Found in TranslationFound in Translation, il libro di Jost Zetzsche e Nataly Kelly dedicato alla traduzione è una lettura piacevole, e un buon regalo di Natale per i clienti che parlano inglese e mostrano curiosità per la traduzione.

È, tuttavia, affetto da due difetti originari, che non sarebbero gravi se il libro fosse pubblicato da un editore minore con limitate risorse e se a scriverlo non fossero stati due dei più acclamati esponenti del settore.

Il primo difetto è di essere chiaramente concepito per un preciso pubblico locale.

Il secondo difetto è di essere costruito su aneddoti sicuramente curiosi, affascinanti e coinvolgenti, ma che offrono un’immagine molto tradizionale e decisamente statica della professione, con una notevole inclinazione verso l’interpretariato e gli aspetti puramente linguistici.

Divagazioni e note personali

Nel libro si affrontano due rami di attività nei quali anch’io mi sono cimentato, soprattutto agli inizi: la letteratura rosa ed erotica e il porno.

Non sono mai stato arso dal sacro fuoco delle lingue e mi sono accostato alla traduzione per vie traverse.

La mia prima esperienza fu casuale.
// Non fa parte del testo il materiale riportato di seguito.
(* Consider an $N$-player distributionally robust game (as defined in the context) with ambiguity set $\mathcal{F}$, and suppose every player is risk neutral, i.e. $\varepsilon_i = 1$ for all $i \in \{1,\dots,N\}$. Then: (1) If $\mathcal{F} = \{ Q : \mathbb{E}_Q[\tilde{\mathbf{P}}] = \boldsymbol{\Psi}\}$ for a fixed matrix $\boldsymbol{\Psi}\in\mathbb{R}^{N\times\prod_{k=1}^N a_k}$, then the set of Distributionally Robust Optimization Equilibria of the game coincides with the set of Nash equilibria of the complete information game with payoff matrix $\boldsymbol{\Psi}$. (2) If the ambiguity set is a singleton, $\mathcal{F} = \{Q\}$, then the set of Distributionally Robust Optimization Equilibria coincides with the set of Bayesian Nash equilibria of the Bayesian game in which $\tilde{\mathbf{P}}$ has distribution $Q$. (3) If $\mathcal{F} = \{ Q : Q[\mathbf{W}\cdot \mathrm{vec}(\mathbb{E}_Q[\tilde{\mathbf{P}}]) \le \mathbf{h}] = 1\}$, then the set of Distributionally Robust Optimization Equilibria coincides with the set of Robust Optimization Equilibria of the robust game with uncertainty set $\mathcal{U} = \{\mathbf{P} : \mathbf{W}\cdot\mathrm{vec}(\mathbf{P}) \le \mathbf{h}\}$.
   Context: A finite $N$-player game: player $i$ has actions $\{1,\dots,a_i\}$ and mixed strategy set $S_{a_i} = \{\mathbf{x}^i\in\mathbb{R}^{a_i} : \mathbf{x}^i\ge 0,\ \sum_{j=1}^{a_i} x^i_j = 1\}$; $S=\prod_{i} S_{a_i}$. A payoff matrix $\mathbf{P}\in\mathbb{R}^{N\times\prod_{k=1}^N a_k}$ has entries $\mathbf{P}^i_{(j_1,\dots,j_N)}$, the payoff to player $i$ when each player $k$ plays action $j_k$. The expected payoff is $\pi_i(\mathbf{P};\mathbf{x}^1,\dots,\mathbf{x}^N) = \sum_{j_1=1}^{a_1}\cdots\sum_{j_N=1}^{a_N}\mathbf{P}^i_{(j_1,\dots,j_N)}\prod_{k=1}^N x^k_{j_k}$. Write $\mathbf{x}^{-i}$ for the strategies of all players except $i$, and $(\mathbf{x}^{-i},\mathbf{u}^i)$ for the profile with $\mathbf{x}^i$ replaced by $\mathbf{u}^i$. $\mathrm{vec}(\mathbf{A})$ is the column vector obtained by stacking the rows of $\mathbf{A}$. $\tilde{\mathbf{P}}$ denotes a random payoff matrix. For a loss random variable $L$ and $\varepsilon\in(0,1]$, $Q\text{-CVaR}_\varepsilon(L) = \min_{\zeta\in\mathbb{R}} \zeta + \frac{1}{\varepsilon}\mathbb{E}_Q[L-\zeta]^+$, with $[x]^+=\max\{x,0\}$. Distributionally robust game: there is a commonly known ambiguity set $\mathcal{F}$ of probability distributions $Q$ of $\tilde{\mathbf{P}}$ and each player $i$ has a risk level $\varepsilon_i\in(0,1]$. A profile $(\mathbf{x}^1,\dots,\mathbf{x}^N)\in S$ is a Distributionally Robust Optimization Equilibrium iff for every $i$, $\mathbf{x}^i\in\arg\min_{\mathbf{u}^i\in S_{a_i}}\sup_{Q\in\mathcal{F}} Q\text{-CVaR}_{\varepsilon_i}[-\pi_i(\tilde{\mathbf{P}};\mathbf{x}^{-i},\mathbf{u}^i)]$. Nash equilibrium of the game with fixed payoff matrix $\check{\mathbf{P}}$: for every $i$, $\mathbf{x}^i\in\arg\max_{\mathbf{u}^i\in S_{a_i}}\pi_i(\check{\mathbf{P}};\mathbf{x}^{-i},\mathbf{u}^i)$. Bayesian Nash equilibrium (with $\tilde{\mathbf{P}}$ distributed according to a known distribution): for every $i$, $\mathbf{x}^i\in\arg\max_{\mathbf{u}^i\in S_{a_i}}\mathbb{E}[\pi_i(\tilde{\mathbf{P}};\mathbf{x}^{-i},\mathbf{u}^i)]$. Robust Optimization Equilibrium with uncertainty set $\mathcal{U}$: for every $i$, $\mathbf{x}^i\in\arg\max_{\mathbf{u}^i\in S_{a_i}}\inf_{\tilde{\mathbf{P}}\in\mathcal{U}}\pi_i(\tilde{\mathbf{P}};\mathbf{x}^{-i},\mathbf{u}^i)$. *)

From HB Require Import structures.
From mathcomp Require Import all_boot all_order all_algebra.
From mathcomp Require Import all_classical all_reals all_analysis.
Unset Printing Implicit Defensive.
Import Order.TTheory GRing.Theory Num.Theory.
Local Open Scope classical_set_scope.
Local Open Scope ring_scope.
Prestavo servizio di leva e al mio reparto fu chiesto di individuare un eventuale interprete come collegamento con i reparti alleati per una imminente esercitazione NATO.

Su richiesta del comandante, si fece avanti un soldato che sosteneva di studiare da interprete e che fu, per questo, inviato in missione.

Io presi parte all’esercitazione come comandante della mia unità ed ebbi diversi contatti con colleghi ufficiali delle forze alleate.

Al mio ritorno scoprii che il comando alleato aveva manifestato una forte insoddisfazione per la prestazione dell’“interprete” e protestato per l’assenza di un ufficiale di collegamento, ma dichiarandosi soddisfatto dal “rimedio”.

Quel “rimedio”, a mia insaputa, e a quella del mio comando, ero io.

Lasciato l’esercito, tornai ai miei studi e colsi l’opportunità, giunta anch’essa in modo casuale, di guadagnare qualcosa con le traduzioni.

Dopo un po’ quest’attività occupava più tempo di quello che riservavo allo studio e decisi di dedicarmici professionalmente. Mi iscrissi così alla scuola per traduttori e interpreti.

Ricordo ancora che una delle prime cose che sentii dire da uno dei miei insegnanti fu che la traduzione è il secondo mestiere più antico del mondo e che, con quello più antico, condivide le ragioni: si comincia a farlo per curiosità e passione, si continua a farlo per pochi intimi e si finisce con il praticarlo solo per denaro.

Era quello che era capitato a me.

Forse fu per questo che, non trovavo difficoltà ad accettare incarichi che altri disdegnavano e non cullavo l’illusione, più che il sogno, di potermi guadagnare da vivere traducendo le opere di grandi scrittori.Osso di anca o coxale

Il primo lavoro pagato che svolsi da “professionista” fu un articolo per una rivista scientifica sulle “protesi d’anca”.

Ero ancora così giovane, ambizioso, presuntuoso e incosciente da accettare un incarico decisamente oltre le mie capacità.

Mi ci volle un giorno intero in biblioteca per venire a capo della terminologia specialistica, e la mia falsa sicurezza mi fece commettere un errore, che oggi ritengo dovrebbe meritare più indulgenza, ma che allora scatenò le ire del mio cliente: tradussi “fossa dell’acetabolo” con “hip bone socket”.

Il cliente mi fece notare che un luminare non avrebbe mai usato un termine che riteneva colloquiale, al pari di “strizzacervelli” o “segaossa”.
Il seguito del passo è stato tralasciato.